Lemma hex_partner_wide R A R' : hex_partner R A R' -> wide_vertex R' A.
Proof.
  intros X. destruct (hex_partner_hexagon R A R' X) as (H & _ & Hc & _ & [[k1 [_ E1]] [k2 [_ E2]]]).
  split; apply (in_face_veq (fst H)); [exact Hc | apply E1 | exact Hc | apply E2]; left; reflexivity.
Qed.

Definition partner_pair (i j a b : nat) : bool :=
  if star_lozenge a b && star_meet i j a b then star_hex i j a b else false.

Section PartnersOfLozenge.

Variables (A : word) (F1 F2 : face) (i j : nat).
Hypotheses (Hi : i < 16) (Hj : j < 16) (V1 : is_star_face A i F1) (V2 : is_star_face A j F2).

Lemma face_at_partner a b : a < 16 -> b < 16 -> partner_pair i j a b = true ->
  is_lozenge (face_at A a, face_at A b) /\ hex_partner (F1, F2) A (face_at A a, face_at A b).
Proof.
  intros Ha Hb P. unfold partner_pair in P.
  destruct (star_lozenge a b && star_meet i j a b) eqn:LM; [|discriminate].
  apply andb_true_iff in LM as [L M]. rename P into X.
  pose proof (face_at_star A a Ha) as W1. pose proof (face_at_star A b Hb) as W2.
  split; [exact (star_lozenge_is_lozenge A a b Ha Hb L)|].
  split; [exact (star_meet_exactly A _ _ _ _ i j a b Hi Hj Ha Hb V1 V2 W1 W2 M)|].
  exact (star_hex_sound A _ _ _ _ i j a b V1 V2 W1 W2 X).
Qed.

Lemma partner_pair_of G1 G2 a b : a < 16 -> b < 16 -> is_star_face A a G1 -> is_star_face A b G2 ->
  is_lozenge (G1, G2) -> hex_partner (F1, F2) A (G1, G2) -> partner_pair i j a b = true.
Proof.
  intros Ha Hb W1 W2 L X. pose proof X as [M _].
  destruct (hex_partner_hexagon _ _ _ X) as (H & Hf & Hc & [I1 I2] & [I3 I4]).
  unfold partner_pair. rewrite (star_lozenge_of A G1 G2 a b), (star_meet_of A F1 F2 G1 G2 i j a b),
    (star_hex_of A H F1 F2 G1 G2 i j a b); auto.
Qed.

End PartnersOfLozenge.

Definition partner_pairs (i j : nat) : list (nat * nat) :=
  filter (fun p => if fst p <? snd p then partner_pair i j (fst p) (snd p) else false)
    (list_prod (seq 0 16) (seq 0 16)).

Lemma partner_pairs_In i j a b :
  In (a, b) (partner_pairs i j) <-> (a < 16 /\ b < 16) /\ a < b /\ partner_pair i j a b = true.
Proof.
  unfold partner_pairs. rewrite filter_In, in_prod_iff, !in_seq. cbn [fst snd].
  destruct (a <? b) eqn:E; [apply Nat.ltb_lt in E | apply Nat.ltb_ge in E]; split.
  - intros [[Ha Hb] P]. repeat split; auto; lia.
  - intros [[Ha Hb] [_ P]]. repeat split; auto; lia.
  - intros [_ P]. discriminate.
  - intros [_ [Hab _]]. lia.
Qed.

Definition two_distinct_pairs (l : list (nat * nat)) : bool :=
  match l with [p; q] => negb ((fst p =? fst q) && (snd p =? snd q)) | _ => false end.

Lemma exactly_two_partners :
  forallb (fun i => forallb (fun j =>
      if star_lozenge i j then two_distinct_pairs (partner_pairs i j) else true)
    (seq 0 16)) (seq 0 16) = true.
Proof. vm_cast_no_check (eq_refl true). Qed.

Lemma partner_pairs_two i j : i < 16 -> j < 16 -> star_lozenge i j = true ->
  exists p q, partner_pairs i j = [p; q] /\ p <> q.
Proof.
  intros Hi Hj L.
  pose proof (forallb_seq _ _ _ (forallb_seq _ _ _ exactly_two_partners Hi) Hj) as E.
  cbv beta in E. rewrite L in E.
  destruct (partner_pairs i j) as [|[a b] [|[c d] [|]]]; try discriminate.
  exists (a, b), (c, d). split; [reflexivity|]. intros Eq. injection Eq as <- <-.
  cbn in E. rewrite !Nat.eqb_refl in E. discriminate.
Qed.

* _What this task involves_
Some lines of the records may contain the string "discriminate". State how many do, as a number alone.

* _Solution for this exercise_
4